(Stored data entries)
<<<<
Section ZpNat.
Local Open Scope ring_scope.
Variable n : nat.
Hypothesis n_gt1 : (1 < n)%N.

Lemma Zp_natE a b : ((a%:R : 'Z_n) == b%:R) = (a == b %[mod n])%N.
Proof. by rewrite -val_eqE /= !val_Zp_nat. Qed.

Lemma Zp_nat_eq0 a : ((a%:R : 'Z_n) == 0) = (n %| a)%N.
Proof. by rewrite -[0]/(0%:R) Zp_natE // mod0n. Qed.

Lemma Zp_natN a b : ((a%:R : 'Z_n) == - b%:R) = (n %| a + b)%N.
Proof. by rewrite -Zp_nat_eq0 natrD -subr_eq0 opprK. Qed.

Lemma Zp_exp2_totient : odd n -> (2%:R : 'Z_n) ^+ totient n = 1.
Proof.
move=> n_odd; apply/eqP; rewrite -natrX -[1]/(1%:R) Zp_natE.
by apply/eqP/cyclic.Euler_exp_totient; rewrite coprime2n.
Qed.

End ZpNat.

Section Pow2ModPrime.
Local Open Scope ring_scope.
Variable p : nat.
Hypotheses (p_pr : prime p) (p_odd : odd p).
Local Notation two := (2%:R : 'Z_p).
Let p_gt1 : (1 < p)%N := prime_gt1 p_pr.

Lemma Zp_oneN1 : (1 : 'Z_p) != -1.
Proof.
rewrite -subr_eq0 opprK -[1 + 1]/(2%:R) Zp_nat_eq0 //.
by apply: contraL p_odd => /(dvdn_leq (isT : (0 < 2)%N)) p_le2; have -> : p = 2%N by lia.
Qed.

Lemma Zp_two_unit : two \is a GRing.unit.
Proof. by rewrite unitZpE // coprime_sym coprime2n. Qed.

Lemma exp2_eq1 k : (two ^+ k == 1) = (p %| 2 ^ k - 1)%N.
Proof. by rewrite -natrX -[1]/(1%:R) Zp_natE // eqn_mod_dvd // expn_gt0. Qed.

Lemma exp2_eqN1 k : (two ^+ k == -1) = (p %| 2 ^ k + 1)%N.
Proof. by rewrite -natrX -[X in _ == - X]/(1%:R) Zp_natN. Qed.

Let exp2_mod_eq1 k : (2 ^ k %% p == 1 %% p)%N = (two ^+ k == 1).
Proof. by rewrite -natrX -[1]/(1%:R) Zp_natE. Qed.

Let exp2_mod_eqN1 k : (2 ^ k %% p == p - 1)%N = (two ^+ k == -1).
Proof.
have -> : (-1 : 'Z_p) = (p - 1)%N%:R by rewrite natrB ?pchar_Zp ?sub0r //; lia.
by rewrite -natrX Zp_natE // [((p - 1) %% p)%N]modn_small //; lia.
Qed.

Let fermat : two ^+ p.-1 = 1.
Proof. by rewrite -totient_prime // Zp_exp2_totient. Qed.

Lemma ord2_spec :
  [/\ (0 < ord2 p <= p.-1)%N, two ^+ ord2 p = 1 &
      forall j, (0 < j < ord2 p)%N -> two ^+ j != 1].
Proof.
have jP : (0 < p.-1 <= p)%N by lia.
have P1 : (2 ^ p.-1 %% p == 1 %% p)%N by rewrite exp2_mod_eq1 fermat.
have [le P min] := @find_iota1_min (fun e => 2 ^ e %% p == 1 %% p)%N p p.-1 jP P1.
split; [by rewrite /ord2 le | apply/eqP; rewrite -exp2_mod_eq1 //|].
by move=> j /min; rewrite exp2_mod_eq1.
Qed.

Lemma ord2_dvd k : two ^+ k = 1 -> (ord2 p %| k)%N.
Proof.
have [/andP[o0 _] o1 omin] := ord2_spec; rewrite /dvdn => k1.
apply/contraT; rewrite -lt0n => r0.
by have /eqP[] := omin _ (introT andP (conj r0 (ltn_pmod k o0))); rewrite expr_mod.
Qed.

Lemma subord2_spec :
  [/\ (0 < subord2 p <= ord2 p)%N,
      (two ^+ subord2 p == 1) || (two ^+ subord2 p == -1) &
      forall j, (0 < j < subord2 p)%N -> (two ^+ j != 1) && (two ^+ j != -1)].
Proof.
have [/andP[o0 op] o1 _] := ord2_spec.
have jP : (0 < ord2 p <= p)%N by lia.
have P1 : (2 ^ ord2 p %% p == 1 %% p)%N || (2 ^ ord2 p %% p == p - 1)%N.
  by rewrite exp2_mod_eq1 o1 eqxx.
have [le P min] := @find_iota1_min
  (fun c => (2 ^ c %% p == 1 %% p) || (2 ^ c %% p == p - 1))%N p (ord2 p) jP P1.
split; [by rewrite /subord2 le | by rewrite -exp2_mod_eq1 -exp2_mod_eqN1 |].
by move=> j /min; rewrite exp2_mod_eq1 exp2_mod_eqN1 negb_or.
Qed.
>>>>
<<<<
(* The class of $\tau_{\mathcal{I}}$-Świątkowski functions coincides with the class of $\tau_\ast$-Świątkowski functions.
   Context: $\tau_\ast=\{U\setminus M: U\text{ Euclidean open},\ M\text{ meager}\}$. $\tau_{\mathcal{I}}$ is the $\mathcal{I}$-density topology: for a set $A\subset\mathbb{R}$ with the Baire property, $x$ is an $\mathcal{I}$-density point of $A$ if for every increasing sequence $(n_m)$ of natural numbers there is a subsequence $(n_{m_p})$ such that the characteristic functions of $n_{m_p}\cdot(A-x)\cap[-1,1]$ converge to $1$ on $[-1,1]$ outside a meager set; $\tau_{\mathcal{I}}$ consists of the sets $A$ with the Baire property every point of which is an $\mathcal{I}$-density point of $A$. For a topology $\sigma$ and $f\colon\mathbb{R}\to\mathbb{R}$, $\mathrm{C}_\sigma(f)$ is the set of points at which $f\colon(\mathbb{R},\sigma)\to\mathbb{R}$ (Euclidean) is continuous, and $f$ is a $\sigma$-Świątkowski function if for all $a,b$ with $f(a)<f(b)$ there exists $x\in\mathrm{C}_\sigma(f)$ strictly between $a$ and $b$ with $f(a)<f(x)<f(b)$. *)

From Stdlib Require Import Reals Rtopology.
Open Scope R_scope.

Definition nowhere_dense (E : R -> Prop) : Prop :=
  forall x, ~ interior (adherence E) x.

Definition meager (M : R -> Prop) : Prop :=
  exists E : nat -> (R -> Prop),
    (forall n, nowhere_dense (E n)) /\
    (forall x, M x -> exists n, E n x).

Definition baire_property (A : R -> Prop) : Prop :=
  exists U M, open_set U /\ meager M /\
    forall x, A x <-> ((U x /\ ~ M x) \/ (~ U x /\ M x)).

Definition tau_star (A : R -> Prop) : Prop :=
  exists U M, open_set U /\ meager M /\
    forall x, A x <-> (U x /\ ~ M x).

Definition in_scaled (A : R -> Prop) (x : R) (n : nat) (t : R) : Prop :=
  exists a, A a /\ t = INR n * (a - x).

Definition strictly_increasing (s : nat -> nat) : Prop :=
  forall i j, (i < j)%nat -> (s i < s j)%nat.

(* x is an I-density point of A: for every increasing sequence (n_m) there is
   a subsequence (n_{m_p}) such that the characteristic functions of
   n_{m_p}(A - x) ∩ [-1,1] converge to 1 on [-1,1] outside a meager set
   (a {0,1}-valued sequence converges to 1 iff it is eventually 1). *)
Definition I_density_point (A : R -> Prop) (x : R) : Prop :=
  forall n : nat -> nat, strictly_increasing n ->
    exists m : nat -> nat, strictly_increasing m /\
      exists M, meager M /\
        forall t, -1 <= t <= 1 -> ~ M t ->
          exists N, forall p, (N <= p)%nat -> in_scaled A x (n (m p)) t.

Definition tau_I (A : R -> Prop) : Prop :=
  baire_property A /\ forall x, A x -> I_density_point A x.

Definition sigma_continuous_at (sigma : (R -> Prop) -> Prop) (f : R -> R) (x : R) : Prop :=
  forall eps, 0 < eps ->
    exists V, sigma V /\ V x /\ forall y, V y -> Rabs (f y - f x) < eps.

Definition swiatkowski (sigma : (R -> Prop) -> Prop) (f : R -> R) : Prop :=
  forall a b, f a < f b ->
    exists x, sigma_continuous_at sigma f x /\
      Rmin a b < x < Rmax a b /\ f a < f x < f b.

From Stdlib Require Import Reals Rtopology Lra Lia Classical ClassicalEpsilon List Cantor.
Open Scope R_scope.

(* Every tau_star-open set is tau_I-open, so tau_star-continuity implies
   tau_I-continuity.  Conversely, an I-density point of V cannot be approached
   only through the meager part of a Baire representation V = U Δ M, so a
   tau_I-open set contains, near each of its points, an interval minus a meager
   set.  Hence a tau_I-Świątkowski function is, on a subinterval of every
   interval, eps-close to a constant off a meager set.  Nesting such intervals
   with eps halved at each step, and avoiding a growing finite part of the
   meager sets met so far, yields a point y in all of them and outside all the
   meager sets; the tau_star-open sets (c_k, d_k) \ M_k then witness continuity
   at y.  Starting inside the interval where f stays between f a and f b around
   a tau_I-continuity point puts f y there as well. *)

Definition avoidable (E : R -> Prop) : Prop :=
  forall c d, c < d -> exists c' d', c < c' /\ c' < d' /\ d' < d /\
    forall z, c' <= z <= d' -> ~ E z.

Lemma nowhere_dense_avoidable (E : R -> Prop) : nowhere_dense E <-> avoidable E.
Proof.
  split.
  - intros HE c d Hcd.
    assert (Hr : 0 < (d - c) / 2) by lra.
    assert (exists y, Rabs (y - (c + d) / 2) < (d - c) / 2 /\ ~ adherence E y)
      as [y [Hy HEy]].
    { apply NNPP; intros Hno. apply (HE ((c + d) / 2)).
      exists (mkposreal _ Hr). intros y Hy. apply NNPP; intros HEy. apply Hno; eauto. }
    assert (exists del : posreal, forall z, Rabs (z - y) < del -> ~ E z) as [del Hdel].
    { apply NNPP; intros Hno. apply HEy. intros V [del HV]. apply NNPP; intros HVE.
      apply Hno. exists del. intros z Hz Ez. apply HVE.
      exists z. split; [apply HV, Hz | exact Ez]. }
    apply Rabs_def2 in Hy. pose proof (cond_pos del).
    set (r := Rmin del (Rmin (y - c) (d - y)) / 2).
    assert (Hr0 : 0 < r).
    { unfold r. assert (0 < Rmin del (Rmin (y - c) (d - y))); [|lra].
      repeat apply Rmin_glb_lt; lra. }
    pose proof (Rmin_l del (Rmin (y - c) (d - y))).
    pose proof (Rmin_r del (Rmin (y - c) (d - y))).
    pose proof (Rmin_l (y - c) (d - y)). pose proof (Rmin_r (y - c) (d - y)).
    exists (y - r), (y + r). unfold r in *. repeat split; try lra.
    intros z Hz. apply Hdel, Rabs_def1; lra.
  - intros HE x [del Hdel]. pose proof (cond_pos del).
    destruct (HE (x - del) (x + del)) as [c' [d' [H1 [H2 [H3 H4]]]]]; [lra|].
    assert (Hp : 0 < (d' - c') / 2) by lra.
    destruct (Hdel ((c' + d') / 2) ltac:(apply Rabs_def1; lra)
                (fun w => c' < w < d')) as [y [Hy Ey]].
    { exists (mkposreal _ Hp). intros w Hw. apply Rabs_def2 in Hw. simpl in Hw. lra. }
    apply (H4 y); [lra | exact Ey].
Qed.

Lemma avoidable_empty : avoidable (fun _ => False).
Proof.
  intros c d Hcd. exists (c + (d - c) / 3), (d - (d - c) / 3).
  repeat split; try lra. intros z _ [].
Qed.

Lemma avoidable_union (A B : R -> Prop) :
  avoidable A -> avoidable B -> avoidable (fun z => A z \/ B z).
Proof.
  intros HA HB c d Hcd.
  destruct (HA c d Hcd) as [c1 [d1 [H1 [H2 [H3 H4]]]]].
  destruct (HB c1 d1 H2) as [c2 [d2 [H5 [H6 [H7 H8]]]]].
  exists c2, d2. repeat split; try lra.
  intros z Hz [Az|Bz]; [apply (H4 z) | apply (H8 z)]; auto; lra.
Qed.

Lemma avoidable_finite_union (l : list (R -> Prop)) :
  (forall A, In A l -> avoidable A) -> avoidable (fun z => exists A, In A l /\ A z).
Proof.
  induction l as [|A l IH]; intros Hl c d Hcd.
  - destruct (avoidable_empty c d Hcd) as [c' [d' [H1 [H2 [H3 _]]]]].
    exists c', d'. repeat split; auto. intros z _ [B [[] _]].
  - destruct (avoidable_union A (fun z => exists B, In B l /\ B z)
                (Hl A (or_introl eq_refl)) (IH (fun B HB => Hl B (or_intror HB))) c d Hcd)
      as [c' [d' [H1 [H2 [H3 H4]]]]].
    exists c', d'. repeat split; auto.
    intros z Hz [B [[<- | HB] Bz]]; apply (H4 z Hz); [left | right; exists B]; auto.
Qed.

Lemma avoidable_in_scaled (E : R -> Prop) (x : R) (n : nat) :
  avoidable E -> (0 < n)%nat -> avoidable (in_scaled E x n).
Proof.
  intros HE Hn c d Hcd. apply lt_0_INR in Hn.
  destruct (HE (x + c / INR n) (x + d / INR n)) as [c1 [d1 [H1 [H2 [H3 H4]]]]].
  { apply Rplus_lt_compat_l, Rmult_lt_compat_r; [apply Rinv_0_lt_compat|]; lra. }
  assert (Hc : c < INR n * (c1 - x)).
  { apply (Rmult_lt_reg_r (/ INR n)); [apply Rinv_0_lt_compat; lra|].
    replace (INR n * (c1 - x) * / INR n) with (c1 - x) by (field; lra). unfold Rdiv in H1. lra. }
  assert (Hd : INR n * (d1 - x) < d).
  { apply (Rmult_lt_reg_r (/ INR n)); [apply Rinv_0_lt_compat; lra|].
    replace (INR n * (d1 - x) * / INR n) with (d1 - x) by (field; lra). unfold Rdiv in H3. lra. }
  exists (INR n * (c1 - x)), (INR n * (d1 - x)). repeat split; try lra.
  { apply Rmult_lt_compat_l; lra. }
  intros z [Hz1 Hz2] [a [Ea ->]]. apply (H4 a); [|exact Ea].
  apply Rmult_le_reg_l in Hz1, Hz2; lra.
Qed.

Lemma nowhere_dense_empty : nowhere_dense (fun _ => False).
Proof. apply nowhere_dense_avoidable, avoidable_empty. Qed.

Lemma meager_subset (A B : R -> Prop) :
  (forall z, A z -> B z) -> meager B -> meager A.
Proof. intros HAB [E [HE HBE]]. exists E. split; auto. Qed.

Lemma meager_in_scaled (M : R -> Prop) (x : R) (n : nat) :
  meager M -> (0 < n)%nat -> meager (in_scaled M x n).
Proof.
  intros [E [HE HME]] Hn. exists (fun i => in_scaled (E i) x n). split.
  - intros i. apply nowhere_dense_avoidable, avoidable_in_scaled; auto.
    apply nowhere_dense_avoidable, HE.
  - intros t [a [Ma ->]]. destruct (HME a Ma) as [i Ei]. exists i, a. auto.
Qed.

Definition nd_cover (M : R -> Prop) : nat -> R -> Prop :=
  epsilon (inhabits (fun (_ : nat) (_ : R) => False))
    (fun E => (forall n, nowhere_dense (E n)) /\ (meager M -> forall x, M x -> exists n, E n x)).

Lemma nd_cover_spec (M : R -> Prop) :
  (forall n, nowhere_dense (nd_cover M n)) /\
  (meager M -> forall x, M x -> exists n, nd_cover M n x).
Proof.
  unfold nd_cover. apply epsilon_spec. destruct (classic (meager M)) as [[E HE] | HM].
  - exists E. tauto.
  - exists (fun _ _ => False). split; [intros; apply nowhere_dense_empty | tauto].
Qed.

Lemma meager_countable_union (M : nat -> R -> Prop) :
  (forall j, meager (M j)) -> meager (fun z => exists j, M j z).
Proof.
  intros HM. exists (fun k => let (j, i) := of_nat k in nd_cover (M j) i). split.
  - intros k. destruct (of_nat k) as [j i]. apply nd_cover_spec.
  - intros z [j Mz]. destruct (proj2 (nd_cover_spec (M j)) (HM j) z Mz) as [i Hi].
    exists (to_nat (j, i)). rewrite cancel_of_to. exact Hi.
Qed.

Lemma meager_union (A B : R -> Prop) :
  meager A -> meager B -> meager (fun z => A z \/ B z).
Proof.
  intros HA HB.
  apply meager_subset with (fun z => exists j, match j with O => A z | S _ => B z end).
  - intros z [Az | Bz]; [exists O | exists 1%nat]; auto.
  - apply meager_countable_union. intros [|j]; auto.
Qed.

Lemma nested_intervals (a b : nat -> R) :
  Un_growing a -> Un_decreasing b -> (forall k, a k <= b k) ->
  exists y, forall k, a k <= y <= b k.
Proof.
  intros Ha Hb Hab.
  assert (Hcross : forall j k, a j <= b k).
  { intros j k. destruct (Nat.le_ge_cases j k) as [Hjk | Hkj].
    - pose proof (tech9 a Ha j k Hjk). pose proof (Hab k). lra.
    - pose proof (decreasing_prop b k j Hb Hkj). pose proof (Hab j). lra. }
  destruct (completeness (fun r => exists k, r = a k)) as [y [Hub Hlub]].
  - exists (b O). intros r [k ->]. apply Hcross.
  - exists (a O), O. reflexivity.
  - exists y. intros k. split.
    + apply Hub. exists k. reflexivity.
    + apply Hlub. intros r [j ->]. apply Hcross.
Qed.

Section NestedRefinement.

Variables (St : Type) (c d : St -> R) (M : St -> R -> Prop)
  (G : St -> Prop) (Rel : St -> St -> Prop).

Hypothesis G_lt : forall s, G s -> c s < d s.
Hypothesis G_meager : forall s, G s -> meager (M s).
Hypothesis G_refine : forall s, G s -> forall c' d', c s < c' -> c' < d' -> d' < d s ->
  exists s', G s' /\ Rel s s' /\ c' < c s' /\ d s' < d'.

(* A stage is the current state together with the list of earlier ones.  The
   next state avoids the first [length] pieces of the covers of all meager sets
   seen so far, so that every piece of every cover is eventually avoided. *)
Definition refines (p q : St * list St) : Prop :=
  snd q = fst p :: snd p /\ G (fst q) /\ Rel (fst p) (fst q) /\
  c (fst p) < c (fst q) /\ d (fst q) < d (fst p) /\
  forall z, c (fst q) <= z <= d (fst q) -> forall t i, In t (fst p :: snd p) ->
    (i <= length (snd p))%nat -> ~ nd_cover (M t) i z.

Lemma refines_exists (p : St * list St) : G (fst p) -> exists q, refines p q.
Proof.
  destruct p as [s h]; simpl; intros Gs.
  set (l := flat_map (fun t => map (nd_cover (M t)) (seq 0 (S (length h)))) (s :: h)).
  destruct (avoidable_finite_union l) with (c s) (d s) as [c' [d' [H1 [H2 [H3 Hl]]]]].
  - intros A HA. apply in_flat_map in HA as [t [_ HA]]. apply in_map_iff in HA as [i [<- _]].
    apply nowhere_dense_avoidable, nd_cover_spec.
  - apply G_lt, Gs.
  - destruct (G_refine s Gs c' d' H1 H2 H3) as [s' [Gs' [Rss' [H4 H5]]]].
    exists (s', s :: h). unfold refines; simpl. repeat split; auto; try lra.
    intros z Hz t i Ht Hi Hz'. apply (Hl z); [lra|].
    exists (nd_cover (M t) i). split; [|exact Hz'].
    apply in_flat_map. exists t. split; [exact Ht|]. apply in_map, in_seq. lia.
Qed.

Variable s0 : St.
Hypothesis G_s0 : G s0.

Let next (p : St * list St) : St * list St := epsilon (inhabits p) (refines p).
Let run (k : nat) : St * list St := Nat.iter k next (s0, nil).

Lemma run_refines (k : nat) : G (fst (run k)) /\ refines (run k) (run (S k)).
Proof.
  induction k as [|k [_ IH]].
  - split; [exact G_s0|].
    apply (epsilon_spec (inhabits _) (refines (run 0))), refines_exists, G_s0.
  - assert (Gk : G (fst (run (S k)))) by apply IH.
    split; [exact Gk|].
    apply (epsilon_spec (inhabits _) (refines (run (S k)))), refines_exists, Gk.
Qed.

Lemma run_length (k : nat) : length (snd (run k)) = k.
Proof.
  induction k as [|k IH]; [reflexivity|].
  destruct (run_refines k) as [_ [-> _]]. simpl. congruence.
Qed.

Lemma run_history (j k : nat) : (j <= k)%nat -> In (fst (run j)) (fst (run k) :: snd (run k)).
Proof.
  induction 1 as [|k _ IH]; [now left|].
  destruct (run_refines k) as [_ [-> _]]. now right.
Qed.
>>>>
<<<<
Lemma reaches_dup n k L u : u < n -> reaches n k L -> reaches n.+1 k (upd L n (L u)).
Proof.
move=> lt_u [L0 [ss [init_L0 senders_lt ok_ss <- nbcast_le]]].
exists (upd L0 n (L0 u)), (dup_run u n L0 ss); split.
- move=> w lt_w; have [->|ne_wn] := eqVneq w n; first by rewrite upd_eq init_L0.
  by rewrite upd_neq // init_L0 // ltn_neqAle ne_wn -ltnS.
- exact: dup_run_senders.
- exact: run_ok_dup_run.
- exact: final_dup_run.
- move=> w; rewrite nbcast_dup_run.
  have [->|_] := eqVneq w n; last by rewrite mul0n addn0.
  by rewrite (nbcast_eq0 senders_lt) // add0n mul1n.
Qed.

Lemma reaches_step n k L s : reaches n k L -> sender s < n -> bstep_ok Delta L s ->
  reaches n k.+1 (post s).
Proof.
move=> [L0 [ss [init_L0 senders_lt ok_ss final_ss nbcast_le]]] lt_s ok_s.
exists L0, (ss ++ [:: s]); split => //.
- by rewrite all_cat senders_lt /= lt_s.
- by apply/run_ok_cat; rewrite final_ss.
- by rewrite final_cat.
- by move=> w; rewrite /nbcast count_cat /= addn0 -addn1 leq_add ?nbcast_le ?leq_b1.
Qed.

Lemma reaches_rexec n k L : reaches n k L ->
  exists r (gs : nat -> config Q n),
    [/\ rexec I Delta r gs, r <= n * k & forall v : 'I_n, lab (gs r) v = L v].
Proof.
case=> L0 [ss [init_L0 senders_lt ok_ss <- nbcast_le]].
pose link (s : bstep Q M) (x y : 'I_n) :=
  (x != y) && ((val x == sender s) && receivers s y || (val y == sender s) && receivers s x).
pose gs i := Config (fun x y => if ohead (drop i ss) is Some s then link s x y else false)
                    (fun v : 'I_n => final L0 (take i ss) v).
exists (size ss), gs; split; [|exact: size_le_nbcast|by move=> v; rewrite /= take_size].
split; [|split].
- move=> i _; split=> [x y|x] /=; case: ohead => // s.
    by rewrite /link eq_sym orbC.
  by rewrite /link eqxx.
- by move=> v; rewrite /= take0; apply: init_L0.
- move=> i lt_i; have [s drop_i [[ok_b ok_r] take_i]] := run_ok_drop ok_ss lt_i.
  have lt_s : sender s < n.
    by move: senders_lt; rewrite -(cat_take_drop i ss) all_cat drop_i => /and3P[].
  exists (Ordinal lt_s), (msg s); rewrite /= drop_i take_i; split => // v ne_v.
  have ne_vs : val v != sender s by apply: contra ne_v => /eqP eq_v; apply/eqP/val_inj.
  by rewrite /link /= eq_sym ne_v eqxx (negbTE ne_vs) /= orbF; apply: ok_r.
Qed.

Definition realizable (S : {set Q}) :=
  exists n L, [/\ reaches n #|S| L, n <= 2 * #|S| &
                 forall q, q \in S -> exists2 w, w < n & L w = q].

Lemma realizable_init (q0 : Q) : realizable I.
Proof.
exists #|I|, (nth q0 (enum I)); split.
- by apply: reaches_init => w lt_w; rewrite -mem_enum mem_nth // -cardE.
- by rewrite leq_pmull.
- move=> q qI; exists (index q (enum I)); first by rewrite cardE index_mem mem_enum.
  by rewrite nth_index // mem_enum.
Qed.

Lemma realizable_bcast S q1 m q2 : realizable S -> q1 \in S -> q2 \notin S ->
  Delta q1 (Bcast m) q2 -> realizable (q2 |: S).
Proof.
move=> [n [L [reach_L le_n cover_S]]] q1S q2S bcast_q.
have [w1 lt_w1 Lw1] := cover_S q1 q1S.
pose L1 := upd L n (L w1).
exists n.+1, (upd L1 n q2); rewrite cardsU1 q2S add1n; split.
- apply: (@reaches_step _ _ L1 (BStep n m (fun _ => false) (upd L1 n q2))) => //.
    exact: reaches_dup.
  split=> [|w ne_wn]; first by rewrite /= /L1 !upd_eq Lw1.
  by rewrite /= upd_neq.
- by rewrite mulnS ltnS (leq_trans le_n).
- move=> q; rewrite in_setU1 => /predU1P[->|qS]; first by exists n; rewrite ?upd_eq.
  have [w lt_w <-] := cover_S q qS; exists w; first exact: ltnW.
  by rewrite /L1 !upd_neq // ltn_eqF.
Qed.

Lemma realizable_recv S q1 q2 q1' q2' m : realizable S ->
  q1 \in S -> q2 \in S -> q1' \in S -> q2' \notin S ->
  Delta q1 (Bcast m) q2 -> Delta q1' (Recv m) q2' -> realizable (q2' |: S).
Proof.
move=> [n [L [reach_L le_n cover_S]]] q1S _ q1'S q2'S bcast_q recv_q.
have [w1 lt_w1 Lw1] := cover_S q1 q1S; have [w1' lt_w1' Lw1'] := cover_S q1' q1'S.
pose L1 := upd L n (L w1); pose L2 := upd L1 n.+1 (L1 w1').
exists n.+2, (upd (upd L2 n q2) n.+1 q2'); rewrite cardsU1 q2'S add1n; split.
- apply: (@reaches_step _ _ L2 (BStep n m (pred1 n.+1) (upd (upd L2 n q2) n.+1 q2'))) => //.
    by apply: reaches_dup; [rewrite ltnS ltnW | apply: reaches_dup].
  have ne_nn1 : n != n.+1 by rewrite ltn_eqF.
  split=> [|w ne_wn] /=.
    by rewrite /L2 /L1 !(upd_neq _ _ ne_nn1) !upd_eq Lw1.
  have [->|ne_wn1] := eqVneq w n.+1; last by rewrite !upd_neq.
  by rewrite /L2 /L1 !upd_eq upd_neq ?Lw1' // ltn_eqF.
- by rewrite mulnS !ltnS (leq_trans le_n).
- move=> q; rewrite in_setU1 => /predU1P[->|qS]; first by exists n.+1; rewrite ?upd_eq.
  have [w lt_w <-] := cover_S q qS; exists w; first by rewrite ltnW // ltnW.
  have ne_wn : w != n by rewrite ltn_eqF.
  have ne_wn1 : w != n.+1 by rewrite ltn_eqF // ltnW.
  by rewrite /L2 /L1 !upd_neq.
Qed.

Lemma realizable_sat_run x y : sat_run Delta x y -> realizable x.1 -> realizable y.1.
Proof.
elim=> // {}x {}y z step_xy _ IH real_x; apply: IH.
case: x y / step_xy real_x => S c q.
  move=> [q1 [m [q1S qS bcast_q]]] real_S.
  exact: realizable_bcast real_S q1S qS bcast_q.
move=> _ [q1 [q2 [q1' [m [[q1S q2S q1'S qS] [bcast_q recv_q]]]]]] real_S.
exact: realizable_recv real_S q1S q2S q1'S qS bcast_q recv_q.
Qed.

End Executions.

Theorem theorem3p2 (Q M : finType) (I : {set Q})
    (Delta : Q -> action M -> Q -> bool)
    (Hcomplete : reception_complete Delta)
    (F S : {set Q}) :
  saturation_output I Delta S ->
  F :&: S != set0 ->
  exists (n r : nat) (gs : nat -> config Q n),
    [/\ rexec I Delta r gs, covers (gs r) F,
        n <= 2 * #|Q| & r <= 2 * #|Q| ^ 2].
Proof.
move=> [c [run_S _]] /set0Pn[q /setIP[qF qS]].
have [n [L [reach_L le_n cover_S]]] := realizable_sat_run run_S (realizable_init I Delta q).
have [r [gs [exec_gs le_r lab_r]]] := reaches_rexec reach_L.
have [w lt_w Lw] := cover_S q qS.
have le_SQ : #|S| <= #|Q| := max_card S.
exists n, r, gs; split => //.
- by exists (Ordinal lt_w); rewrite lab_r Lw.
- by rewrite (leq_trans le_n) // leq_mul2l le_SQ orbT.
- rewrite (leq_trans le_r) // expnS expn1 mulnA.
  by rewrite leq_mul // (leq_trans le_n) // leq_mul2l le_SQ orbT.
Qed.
>>>>
Given the records above, return exactly the lines starting at the line containing "exists (INR n" and ending at the line containing "apply nowhere_dense_avoidable, HE.", including both.

  exists (INR n * (c1 - x)), (INR n * (d1 - x)). repeat split; try lra.
  { apply Rmult_lt_compat_l; lra. }
  intros z [Hz1 Hz2] [a [Ea ->]]. apply (H4 a); [|exact Ea].
  apply Rmult_le_reg_l in Hz1, Hz2; lra.
Qed.

Lemma nowhere_dense_empty : nowhere_dense (fun _ => False).
Proof. apply nowhere_dense_avoidable, avoidable_empty. Qed.

Lemma meager_subset (A B : R -> Prop) :
  (forall z, A z -> B z) -> meager B -> meager A.
Proof. intros HAB [E [HE HBE]]. exists E. split; auto. Qed.

Lemma meager_in_scaled (M : R -> Prop) (x : R) (n : nat) :
  meager M -> (0 < n)%nat -> meager (in_scaled M x n).
Proof.
  intros [E [HE HME]] Hn. exists (fun i => in_scaled (E i) x n). split.
  - intros i. apply nowhere_dense_avoidable, avoidable_in_scaled; auto.
    apply nowhere_dense_avoidable, HE.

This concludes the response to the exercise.